Work instruction
As the answer, set down the lines below from the one containing "Section independent_events." through the one containing "Hypothesis PE : forall s, uniq s ->", exactly and inclusively, and no others.

Record excerpts
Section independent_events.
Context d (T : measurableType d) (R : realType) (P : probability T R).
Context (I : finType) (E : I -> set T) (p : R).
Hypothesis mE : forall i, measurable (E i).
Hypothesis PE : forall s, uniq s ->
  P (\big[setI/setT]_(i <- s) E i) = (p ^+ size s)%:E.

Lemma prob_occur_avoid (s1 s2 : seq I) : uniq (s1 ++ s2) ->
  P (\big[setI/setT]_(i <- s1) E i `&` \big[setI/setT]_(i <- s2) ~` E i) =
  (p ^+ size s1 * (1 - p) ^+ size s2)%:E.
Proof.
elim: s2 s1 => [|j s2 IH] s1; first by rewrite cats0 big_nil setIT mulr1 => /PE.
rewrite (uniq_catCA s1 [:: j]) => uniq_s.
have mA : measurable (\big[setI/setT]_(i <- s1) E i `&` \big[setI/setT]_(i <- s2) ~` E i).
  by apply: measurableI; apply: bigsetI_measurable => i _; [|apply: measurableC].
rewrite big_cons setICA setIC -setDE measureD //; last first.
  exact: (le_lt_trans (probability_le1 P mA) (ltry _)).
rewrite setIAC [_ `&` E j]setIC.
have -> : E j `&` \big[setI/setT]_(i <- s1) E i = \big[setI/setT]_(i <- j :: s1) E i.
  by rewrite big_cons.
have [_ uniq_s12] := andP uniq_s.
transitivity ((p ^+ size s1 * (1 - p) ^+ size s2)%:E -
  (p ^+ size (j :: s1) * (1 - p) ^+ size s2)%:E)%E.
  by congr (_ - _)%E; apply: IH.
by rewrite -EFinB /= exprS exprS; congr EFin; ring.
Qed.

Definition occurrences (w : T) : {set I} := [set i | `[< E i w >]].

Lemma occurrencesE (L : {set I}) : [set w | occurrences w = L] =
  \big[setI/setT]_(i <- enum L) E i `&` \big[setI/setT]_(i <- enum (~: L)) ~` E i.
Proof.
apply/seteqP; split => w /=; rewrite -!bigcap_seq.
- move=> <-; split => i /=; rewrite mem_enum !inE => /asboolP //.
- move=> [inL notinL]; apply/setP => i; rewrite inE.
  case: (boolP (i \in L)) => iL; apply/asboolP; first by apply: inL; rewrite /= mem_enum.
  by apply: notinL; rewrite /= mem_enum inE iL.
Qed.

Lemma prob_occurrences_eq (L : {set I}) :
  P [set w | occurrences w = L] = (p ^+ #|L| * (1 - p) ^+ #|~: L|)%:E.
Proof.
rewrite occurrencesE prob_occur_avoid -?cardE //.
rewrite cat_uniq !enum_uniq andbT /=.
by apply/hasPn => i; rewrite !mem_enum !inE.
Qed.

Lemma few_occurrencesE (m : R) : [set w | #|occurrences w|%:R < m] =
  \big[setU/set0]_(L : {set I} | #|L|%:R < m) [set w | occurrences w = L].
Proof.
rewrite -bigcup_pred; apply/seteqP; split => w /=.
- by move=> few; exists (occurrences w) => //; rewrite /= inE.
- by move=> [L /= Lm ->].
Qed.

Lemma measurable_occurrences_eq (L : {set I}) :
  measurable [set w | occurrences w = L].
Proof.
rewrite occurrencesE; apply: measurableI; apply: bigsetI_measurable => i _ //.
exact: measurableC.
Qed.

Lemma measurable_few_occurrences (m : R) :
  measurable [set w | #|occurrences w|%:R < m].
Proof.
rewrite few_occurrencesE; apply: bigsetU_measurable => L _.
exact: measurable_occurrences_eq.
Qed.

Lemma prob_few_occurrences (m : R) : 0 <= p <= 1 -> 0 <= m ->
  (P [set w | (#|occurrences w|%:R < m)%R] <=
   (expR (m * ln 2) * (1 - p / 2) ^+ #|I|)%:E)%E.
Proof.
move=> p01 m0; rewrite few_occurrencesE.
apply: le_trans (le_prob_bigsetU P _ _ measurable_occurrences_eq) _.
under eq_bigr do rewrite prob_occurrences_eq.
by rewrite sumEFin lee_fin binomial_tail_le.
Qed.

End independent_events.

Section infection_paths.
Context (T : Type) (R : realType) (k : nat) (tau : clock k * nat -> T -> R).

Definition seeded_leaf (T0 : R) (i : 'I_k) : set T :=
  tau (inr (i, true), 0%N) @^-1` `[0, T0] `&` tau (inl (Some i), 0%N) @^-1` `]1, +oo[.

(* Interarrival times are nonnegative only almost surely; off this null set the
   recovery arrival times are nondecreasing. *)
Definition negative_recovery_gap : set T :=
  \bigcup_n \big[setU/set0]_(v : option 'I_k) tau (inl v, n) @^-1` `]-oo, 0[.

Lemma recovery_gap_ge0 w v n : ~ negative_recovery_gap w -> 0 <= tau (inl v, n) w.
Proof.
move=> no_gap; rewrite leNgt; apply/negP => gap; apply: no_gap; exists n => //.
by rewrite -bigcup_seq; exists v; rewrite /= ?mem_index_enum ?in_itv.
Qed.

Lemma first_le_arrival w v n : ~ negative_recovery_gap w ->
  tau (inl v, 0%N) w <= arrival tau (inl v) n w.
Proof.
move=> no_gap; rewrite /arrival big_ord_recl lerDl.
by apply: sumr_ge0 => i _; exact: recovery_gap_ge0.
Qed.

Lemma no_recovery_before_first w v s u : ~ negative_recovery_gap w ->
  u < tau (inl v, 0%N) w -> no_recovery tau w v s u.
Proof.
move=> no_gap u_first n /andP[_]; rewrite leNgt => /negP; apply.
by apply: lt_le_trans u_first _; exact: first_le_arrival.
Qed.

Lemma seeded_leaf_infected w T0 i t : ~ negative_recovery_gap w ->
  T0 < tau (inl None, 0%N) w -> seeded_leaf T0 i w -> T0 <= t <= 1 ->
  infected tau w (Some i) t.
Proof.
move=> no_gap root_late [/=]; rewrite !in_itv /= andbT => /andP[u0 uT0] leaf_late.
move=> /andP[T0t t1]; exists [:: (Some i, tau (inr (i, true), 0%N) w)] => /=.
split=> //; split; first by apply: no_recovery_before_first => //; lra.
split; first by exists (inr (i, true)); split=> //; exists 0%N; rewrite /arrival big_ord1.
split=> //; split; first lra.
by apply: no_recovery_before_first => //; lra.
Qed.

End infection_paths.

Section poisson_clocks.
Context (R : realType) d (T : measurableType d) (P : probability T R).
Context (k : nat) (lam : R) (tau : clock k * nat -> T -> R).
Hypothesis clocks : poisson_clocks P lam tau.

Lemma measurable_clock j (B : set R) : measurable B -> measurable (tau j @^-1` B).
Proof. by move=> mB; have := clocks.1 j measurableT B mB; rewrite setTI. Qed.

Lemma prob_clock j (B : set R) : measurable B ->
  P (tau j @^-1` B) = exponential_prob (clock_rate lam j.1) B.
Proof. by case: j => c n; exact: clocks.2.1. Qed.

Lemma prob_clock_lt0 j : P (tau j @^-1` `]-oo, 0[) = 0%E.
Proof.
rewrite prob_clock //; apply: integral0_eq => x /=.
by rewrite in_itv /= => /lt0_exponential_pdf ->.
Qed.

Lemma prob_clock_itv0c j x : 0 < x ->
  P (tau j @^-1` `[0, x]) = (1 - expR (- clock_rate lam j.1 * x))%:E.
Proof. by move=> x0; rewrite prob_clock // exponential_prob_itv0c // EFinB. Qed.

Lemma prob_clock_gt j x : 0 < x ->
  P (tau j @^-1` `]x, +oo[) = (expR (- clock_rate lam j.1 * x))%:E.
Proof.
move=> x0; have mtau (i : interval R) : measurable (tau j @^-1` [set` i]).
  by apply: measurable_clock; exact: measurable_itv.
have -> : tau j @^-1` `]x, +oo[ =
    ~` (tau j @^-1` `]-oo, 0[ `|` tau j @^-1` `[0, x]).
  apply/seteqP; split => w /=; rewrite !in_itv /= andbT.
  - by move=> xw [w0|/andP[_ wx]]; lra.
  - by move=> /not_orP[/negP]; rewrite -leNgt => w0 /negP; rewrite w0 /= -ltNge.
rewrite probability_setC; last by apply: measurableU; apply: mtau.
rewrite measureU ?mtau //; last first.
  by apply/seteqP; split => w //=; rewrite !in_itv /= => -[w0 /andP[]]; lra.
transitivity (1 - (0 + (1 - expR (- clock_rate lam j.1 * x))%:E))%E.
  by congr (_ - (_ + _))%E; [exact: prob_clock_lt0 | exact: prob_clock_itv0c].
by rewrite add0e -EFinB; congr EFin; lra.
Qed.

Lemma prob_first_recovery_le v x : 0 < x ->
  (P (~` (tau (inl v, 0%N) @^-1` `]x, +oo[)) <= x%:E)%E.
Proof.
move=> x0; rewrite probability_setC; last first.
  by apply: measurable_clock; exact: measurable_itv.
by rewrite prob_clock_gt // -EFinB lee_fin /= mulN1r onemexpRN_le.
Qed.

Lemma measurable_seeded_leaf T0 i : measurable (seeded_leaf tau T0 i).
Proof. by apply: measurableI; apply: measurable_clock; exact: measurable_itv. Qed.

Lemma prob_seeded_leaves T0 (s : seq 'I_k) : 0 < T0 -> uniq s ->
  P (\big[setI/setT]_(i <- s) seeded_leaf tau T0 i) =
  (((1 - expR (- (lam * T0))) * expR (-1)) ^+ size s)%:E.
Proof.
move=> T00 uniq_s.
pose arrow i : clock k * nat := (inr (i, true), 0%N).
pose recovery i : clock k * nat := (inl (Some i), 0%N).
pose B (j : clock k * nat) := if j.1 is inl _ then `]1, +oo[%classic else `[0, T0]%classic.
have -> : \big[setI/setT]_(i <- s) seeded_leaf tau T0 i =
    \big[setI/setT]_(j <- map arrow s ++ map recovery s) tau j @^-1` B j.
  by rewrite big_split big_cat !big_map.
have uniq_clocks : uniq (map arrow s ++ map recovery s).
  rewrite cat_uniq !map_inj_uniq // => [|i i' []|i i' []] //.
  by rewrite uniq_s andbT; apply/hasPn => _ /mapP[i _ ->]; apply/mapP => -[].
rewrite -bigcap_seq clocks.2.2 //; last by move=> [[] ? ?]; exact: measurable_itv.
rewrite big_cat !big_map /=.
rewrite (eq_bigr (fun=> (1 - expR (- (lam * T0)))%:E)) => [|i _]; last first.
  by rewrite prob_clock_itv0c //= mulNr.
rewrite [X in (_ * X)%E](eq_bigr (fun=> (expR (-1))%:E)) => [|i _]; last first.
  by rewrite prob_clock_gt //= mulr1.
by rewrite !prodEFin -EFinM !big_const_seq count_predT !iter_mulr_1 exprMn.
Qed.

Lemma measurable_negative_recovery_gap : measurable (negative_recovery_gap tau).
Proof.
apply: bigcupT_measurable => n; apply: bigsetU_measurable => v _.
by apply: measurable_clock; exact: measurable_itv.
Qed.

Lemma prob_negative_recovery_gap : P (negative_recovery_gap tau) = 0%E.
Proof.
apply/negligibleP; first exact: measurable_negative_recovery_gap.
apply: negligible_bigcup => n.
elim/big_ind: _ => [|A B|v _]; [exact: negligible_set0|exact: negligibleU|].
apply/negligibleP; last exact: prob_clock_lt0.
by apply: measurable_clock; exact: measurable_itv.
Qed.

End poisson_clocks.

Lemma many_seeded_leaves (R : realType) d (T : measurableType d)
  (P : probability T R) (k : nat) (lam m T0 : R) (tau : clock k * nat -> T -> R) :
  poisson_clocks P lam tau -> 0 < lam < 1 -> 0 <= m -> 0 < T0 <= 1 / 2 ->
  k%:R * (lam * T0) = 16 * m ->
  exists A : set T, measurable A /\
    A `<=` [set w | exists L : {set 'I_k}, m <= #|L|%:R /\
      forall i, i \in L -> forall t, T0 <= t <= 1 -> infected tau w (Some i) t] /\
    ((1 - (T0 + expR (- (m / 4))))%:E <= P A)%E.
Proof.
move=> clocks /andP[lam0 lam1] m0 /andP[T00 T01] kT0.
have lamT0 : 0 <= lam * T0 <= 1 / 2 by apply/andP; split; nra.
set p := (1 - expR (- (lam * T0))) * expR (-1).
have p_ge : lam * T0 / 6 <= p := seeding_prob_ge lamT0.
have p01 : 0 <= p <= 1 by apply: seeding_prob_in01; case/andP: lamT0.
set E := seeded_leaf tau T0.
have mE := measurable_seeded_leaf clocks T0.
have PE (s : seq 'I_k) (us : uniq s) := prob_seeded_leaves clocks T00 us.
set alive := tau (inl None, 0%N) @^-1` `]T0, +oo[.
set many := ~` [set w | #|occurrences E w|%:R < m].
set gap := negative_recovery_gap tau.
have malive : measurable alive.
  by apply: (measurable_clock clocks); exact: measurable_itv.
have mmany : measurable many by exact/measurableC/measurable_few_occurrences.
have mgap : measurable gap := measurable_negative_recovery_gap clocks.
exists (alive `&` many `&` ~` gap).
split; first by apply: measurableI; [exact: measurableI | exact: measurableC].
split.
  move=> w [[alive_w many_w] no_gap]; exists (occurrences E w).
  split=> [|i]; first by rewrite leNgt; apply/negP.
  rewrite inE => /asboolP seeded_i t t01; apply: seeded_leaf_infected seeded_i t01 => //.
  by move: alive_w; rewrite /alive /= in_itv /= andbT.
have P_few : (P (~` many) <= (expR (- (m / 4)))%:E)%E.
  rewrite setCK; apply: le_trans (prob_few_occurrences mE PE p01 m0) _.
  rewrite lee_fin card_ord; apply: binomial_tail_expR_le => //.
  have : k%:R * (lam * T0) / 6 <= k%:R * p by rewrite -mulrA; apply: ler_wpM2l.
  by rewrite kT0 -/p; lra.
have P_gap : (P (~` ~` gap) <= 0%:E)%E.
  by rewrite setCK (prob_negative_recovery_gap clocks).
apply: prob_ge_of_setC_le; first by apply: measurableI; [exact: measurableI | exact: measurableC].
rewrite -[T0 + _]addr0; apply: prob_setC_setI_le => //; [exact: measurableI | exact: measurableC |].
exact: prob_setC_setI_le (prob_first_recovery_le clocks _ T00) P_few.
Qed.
--
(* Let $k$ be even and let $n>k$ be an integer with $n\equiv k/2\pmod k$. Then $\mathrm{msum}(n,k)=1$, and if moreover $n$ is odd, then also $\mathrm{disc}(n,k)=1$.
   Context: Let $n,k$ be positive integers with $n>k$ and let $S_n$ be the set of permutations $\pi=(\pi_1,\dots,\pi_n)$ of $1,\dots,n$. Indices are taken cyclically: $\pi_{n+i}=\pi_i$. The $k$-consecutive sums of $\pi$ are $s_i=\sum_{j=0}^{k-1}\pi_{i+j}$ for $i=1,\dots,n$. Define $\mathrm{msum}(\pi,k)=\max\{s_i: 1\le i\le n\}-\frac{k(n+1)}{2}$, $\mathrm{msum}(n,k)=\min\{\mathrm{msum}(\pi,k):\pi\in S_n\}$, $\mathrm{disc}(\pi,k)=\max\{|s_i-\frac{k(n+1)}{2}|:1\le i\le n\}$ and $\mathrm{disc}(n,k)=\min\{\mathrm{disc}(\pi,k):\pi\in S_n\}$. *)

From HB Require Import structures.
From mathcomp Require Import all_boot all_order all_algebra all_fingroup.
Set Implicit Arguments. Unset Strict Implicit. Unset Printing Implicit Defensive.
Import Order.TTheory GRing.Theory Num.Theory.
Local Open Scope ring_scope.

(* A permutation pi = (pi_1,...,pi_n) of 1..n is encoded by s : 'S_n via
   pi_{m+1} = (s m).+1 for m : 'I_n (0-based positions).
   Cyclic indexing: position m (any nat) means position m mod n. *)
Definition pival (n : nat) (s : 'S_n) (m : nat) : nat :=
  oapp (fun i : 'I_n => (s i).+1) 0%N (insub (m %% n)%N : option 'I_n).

Exercise solution
Section independent_events.
Context d (T : measurableType d) (R : realType) (P : probability T R).
Context (I : finType) (E : I -> set T) (p : R).
Hypothesis mE : forall i, measurable (E i).
Hypothesis PE : forall s, uniq s ->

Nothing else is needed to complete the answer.